External member of project team, PI's are Olivier Roy (Bayreuth) and Mikael Cozic (Paris)
Rational Dynamic and Reasoning (Ammodo/KNAW 2016-2020)
It is striking that we effortlessly engage in complex social activities, where we recognize one another as rational beings, ascribe intentions to each other, keep track of information, and perform joint actions. Modern logic has been fueled by the phenomenon of intelligent interaction, leading to a multitude of logics, especially epistemic logic, deontic logic, logics of intention and combinations thereof. Yet these logics are not flawless. Epistemic logic faces the problem of logical omniscience. As agents are modeled, they know all logical consequences of their knowledge. Agents are flawless, draw conclusions immediately, and draw all conclusions that are in principle available to them. In epistemic logic one cannot represent a situation where an agent knows a logical puzzle without the agent knowing its solution. Deontic logic faces the problem of moral conflicts. Standard deontic logic is such that if two actions are incompatible, then one can- not be obliged to perform both. Yet, ordinary moral agents face such conflicts all the time, for instance when one makes conflicting promises or when one has different obligations stemming from different authorities. Logics of intention face the problem of side effects. One problematic inference pattern underlies these problems. The proposed research provides a logical model where an agent can be committed to the premises of a valid inference without being committed to its conclusion. In the same way an agent can consistently have conflicting obligations, and have intentions without intending its side effects. The model will not be without a normative logical bite, by requiring the dynamics of the information states and moral situations to be rational.
The Language of Fiction and Imagination (NWO VIDI 2016-2021)
When I tell you a wizard had been helping me write my grant proposals, you'll think I've gone crazy. But when a novelist writes about a school for wizards in the English countryside, nobody bats an eye. In the context of a fiction, all the usual expectations of truth and reference are out the window, yet we can still interpret the text and even be emotionally involved with the characters described. The aim of the present project is to develop a formally explicit account of fiction interpretation that explains this fundamental difference between fiction and everyday communication.
Weighing evidence reliably (NWO VENI 2016-2020)

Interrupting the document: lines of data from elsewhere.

(* Consider a Gaussian linear concentration model on a subspace $L\subseteq\mathrm{Sym}(p)$ with $I_p\in L$, and let $W$ be a positive semidefinite matrix (e.g. $W=n^{-1}\sum_ix^i(x^i)^\top$). If the score matching equation $\Pi_L(K\circ W)=I_p$ has a unique solution $K\in L$ (equivalently, the linear map $K\mapsto\Pi_L(K\circ W)$ on $L$ has trivial kernel), then the maximum likelihood estimate exists, i.e. $\ell(K)=\log\det K-\operatorname{tr}(KW)$ attains its maximum on $L\cap\mathrm{Sym}_+(p)$.
   Context: $\mathrm{Sym}(p)$: real symmetric $p\times p$ matrices with trace inner product; $\mathrm{Sym}_+(p)$: positive definite elements; $\Pi_L$: orthogonal projection onto $L$; $A\circ B=(AB^\top+BA^\top)/2$. The model is $\{N_p(0,K^{-1}):K\in L\cap\mathrm{Sym}_+(p)\}$. *)

From HB Require Import structures.
From Stdlib Require Import Reals ClassicalEpsilon FunctionalExtensionality.
From mathcomp Require Import all_boot all_algebra.
Set Implicit Arguments. Unset Strict Implicit. Unset Printing Implicit Defensive.

Definition R_eqb (x y : R) : bool :=
  if Req_EM_T x y then true else false.
Lemma R_eqP : Equality.axiom R_eqb.
Proof. move=> x y; rewrite /R_eqb; case: Req_EM_T => H; by constructor. Qed.
HB.instance Definition _ := hasDecEq.Build R R_eqP.

Definition R_find (P : pred R) (n : nat) : option R :=
  match excluded_middle_informative (exists x, P x) with
  | left H => Some (proj1_sig (constructive_indefinite_description _ H))
  | right _ => None
  end.
Lemma R_find_correct P n x : R_find P n = Some x -> P x.
Proof.
rewrite /R_find; case: excluded_middle_informative => // H [<-].
exact: proj2_sig (constructive_indefinite_description _ H).
Qed.
Lemma R_find_complete (P : pred R) : (exists x, P x) -> exists n, R_find P n.
Proof. move=> H; exists 0%N; rewrite /R_find; by case: excluded_middle_informative. Qed.
Lemma R_find_ext (P Q : pred R) : P =1 Q -> R_find P =1 R_find Q.
Proof. move=> H; have -> : P = Q by apply: functional_extensionality. by []. Qed.
HB.instance Definition _ := hasChoice.Build R R_find_correct R_find_complete R_find_ext.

We learn from what others tell us all the time, yet others are not always reliable. The aim of the project is to determine how we should factor considerations about the reliability of our sources of information into our overall procedures for weighing evidence.
Sustainable Cooperation (NWO Gravitation programme 2017-2027)
Member of project team, PI is Rafael Wittek (UG / Sociology), see SCOOP project website
Epistemology of the Multiverse (NWO VENI 2016-2019)
FIT (Fellowship for Innovation in Teaching, University of Groningen, 2017), jointly with Benjamin Bewersdorf
Epistemology and the Regress Problem: A Probabilistic Approach (NWO Free Competition 2012-2017)
In epistemology the regress problem traditionally takes on the form of an epistemic chain: a belief in a proposition may be epistemically justified by a belief in another proposition, which is epistemically justified by a belief in still another proposition, and so on, ad infinitum. Since the chain does not have a final link from which the justification springs, it seems that there can be no justification at all.
A new approach to the regress problem is known as infinitism, which implies that there is nothing wrong with an infinite epistemic chain. Like many of their contemporaries, and against epistemological tradition, infinitists are sympathetic to the view that justification is to be understood in terms of probabilistic support. However, up till now no infinitist has realized the far-reaching consequences of this view for the regress problem.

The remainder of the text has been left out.